There's a compounding dimension to AI in trade credit that makes it different from most AI applications in B2B.

Every credit decision generates data. Every invoice paid or missed, every order placed, every trade interaction adds to the intelligence available to the system. As more suppliers and buyers participate, the quality of every individual assessment improves.

Gartner's prediction that by 2028, 90% of B2B buying will be intermediated by AI agents, pushing over $15 trillion in spend through AI-driven exchanges, points to a future where trade decisions are made within intelligent networks rather than bilateral relationships. A buyer's track record with one supplier informs the assessment another can make. Reliability demonstrated across the network compounds into a commercial reputation that travels with the business.

This is where AI stops being a tool for individual credit teams and becomes infrastructure for the trade economy.

The gap between knowing and doing

That gap, between understanding the opportunity and being ready to capture it, is where the next five years of competitive advantage will be won and lost.
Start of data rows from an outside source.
Section Semantics.
Variables (V : finType) (E : rel V) (P : {set {set V}}).
Variables (S I M : Type) (A : algorithm V S I M) (inp : nat -> V -> I).

Fixpoint run (t : nat) : V -> S :=
  match t with
  | 0 => alg_init A
  | t'.+1 => fun v =>
      alg_upd A v (run t' v) (inp t' v)
        (fun u => if E u v then alg_send A u v (run t' u) (inp t' u) else None)
  end.

Definition same_region (v w : V) : bool := finset.pblock P v == finset.pblock P w.

Variable l : nat.
(* V' = V x [l]; the copy (v,i) is v_i, and P(v_i) = v is the first component *)
Definition V' := (V * 'I_l)%type.

Definition E' : rel V' := fun x y =>
  E x.1 y.1 && (if same_region x.1 y.1 then x.2 == y.2 else true).

(* Execution of A' on G' under an omission behaviour [om]:
   [om t x y = true] means that x omits the message it should send on (x,y)
   in round t. States of A' are pairs (local copy of the state, know).
   Messages of A' are [option M]: [None] is the symbol bottom. *)
Variable om : nat -> V' -> V' -> bool.

Definition delivered (t : nat) (st : V' -> S * bool) (x y : V')
  : option (option M) :=
  if E' x y && ~~ om t x y && (st x).2
  then Some (alg_send A x.1 y.1 (st x).1 (inp t x.1))
  else None.

Definition step' (t : nat) (st : V' -> S * bool) (y : V') : S * bool :=
  if (st y).2 &&
     [forall u : V, E u y.1 ==> [exists i : 'I_l, isSome (delivered t st (u, i) y)]]
  then
    (alg_upd A y.1 (st y).1 (inp t y.1)
       (fun u => if E u y.1 then
          match [pick i : 'I_l | isSome (delivered t st (u, i) y)] with
          | Some i => match delivered t st (u, i) y with
                      | Some (Some m) => Some m
                      | _ => None
                      end
          | None => None
          end
        else None), true)
  else ((st y).1, false).

Fixpoint run' (t : nat) : V' -> S * bool :=
  match t with
  | 0 => fun y => (alg_init A y.1, true)
  | t'.+1 => step' t' (run' t')
  end.

Definition simulates : Prop :=
  forall v : V, exists i : 'I_l, forall t : nat,
      run' t (v, i) = (run t v, true).

End Semantics.

Definition admissible (W : finType) (F : {set W}) (om : nat -> W -> W -> bool) :=
  forall t x y, om t x y -> x \in F.

(* Probability, under Om(p), that the random fault set F' (each node of W
   included independently with probability p) satisfies [ev]. *)
Definition prob_Om (R : realType) (W : finType) (p : R) (ev : {set W} -> Prop) : R :=
  \sum_(F : {set W} | `[< ev F >]) p ^+ #|F| * (1 - p) ^+ (#|W| - #|F|).

Definition max_region (V : finType) (P : {set {set V}}) : nat := \max_(B in P) #|B|.
Definition min_region (V : finType) (P : {set {set V}}) : nat :=
  \big[minn/#|V|]_(B in P) #|B|.

From HB Require Import structures.
From mathcomp Require Import all_boot all_order all_algebra.
From mathcomp Require Import all_classical all_reals all_analysis.
From mathcomp Require Import ring lra.
Import Order.TTheory GRing.Theory Num.Theory.
Import numFieldNormedType.Exports.

Set Implicit Arguments. Unset Strict Implicit. Unset Printing Implicit Defensive.
Local Open Scope ring_scope.

(* If every region B has an index i such that no copy w_i, w in B,
   is faulty, the copies chosen this way are joined along every edge of G and
   never omit, so they keep simulating A under any omission behaviour.  If
   not, some region B and some map g : [f+1] -> B have all copies (g i)_i
   faulty; the union bound over all such (B, g) gives the failure bound
   sum_B (|B| p)^(f+1) <= (n/r) (R p)^(f+1), the (f+1)-st power of the ratio
   assumed to vanish.

   If all copies of a node u with an out-neighbour w are faulty
   and omit everything, no copy of w completes the first round, whatever the
   algorithm.  The expected number of such nodes is at least c n p^(f+1),
   which diverges, so the second moment bound shows this happens with
   probability tending to 1. *)
Section FaultModel.
Variables (R : realType) (W : finType) (p : R).

Definition weight (F : {set W}) : R := p ^+ #|F| * (1 - p) ^+ (#|W| - #|F|).

Definition expect (g : {set W} -> R) : R := \sum_F weight F * g F.

Lemma prob_OmE (ev : {set W} -> Prop) :
  prob_Om p ev = expect (fun F => (`[< ev F >] : bool)%:R).
Proof.
rewrite /prob_Om /expect big_mkcond; apply: eq_bigr => F _.
by case: ifP; rewrite ?mulr1 ?mulr0.
Qed.

Lemma expectB (g h : {set W} -> R) :
  expect (fun F => g F - h F) = expect g - expect h.
Proof. by rewrite /expect -sumrB; apply: eq_bigr => F _; rewrite mulrBr. Qed.

Lemma expectZ (c : R) (g : {set W} -> R) :
  expect (fun F => c * g F) = c * expect g.
Proof. by rewrite /expect big_distrr; apply: eq_bigr => F _; rewrite mulrCA. Qed.

Lemma expect_sum (J : finType) (A : pred J) (g : J -> {set W} -> R) :
  expect (fun F => \sum_(j in A) g j F) = \sum_(j in A) expect (g j).
Proof.
rewrite /expect -exchange_big; apply: eq_bigr => F _.
by rewrite big_distrr.
Qed.

Lemma weight_prod (F : {set W}) :
  weight F = \prod_x (if x \in F then p else 1 - p).
Proof.
rewrite (bigID (mem F)) /= (eq_bigr (fun=> p)); last by move=> x ->.
rewrite [X in _ * X](eq_bigr (fun=> 1 - p)); last by move=> x /negbTE ->.
by rewrite !prodr_const /weight -[in #|W|](cardC (mem F)) addKn.
Qed.

Lemma sum_subsets (h : W -> bool -> R) :
  \sum_(F : {set W}) \prod_x h x (x \in F) = \prod_x (h x true + h x false).
Proof.
under [RHS]eq_bigr do rewrite -big_bool.
rewrite bigA_distr_bigA (reindex (fun F : {set W} => [ffun x => x \in F])) /=.
  by apply: eq_bigr => F _; apply: eq_bigr => x _; rewrite ffunE.
exists (fun g : {ffun W -> bool} => [set x | g x]) => [F _|g _].
  by apply/setP => x; rewrite inE ffunE.
by apply/ffunP => x; rewrite ffunE inE.
Qed.

Lemma expect_superset (X : {set W}) :
  expect (fun F => (X \subset F)%:R) = p ^+ #|X|.
Proof.
pose h x (b : bool) := (if x \in X then b%:R else 1) * (if b then p else 1 - p).
transitivity (\sum_(F : {set W}) \prod_x h x (x \in F)).
  apply: eq_bigr => F _; rewrite weight_prod big_split /= mulrC; congr (_ * _).
  case: (boolP (X \subset F)) => [/fintype.subsetP sXF | /fintype.subsetPn [x xX xF]].
    by rewrite big1 // => x _; case: ifPn => // /sXF ->.
  by rewrite (bigD1 x) //= xX (negbTE xF) mul0r.
rewrite sum_subsets (bigID (mem X)) /= [X in _ * X]big1 ?mulr1; last first.
  by move=> x /negbTE xX; rewrite /h xX !mul1r addrC subrK.
by rewrite -prodr_const; apply: eq_bigr => x xX; rewrite /h xX mul1r mul0r addr0.
Qed.

(* The weights sum to 1 (the case X = empty set). *)
Lemma expect_cst (c : R) : expect (fun=> c) = c.
Proof.
have := expect_superset finset.set0; rewrite cards0 expr0 => E1.
rewrite -[RHS]mulr1 -E1 -expectZ; apply: eq_bigr => F _.
by rewrite finset.sub0set mulr1.
Qed.

Hypothesis p01 : 0 <= p <= 1.

Lemma expect_le (g h : {set W} -> R) :
  (forall F, g F <= h F) -> expect g <= expect h.
Proof.
move=> gh; apply: ler_sum => F _; apply: ler_wpM2l (gh F).
by case/andP: p01 => p0 p1; rewrite mulr_ge0 ?exprn_ge0 ?subr_ge0.
Qed.

Lemma prob_mono (ev1 ev2 : {set W} -> Prop) :
  (forall F, ev1 F -> ev2 F) -> prob_Om p ev1 <= prob_Om p ev2.
Proof.
move=> ev12; rewrite !prob_OmE; apply: expect_le => F.
by case: asboolP => [/ev12|_]; case: asboolP.
Qed.

Lemma prob_le1 (ev : {set W} -> Prop) : prob_Om p ev <= 1.
Proof.
rewrite prob_OmE -[X in _ <= X](expect_cst 1); apply: expect_le => F.
by case: asboolP.
Qed.

Lemma prob_compl (ev : {set W} -> Prop) :
  prob_Om p ev = 1 - prob_Om p (fun F => ~ ev F).
Proof.
rewrite !prob_OmE -[X in X - _](expect_cst 1) -expectB.
by apply: eq_bigr => F _; case: asboolP; case: asboolP; rewrite ?subr0 ?subrr.
Qed.

End FaultModel.

Section Moments.
Variables (R : realType) (W : finType) (p : R).
Variables (J : finType) (A : pred J) (X : J -> {set W}).
Hypothesis p01 : 0 <= p <= 1.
For suppliers in construction, manufacturing, and wholesale, the question isn't whether AI will change how credit decisions are made. The research, the economics, and the technology all point in the same direction. The question is whether they'll be the ones using AI to approve faster, extend smarter, and grow their customer base, or the ones watching competitors do it first.

The credit team isn't disappearing. But the credit team armed with AI, seeing every signal, across every account, in real time, will operate on a completely different level. Not a department that prevents losses. A function that drives growth. And the suppliers who build for that future now will be the ones who define how B2B trade works for the next decade.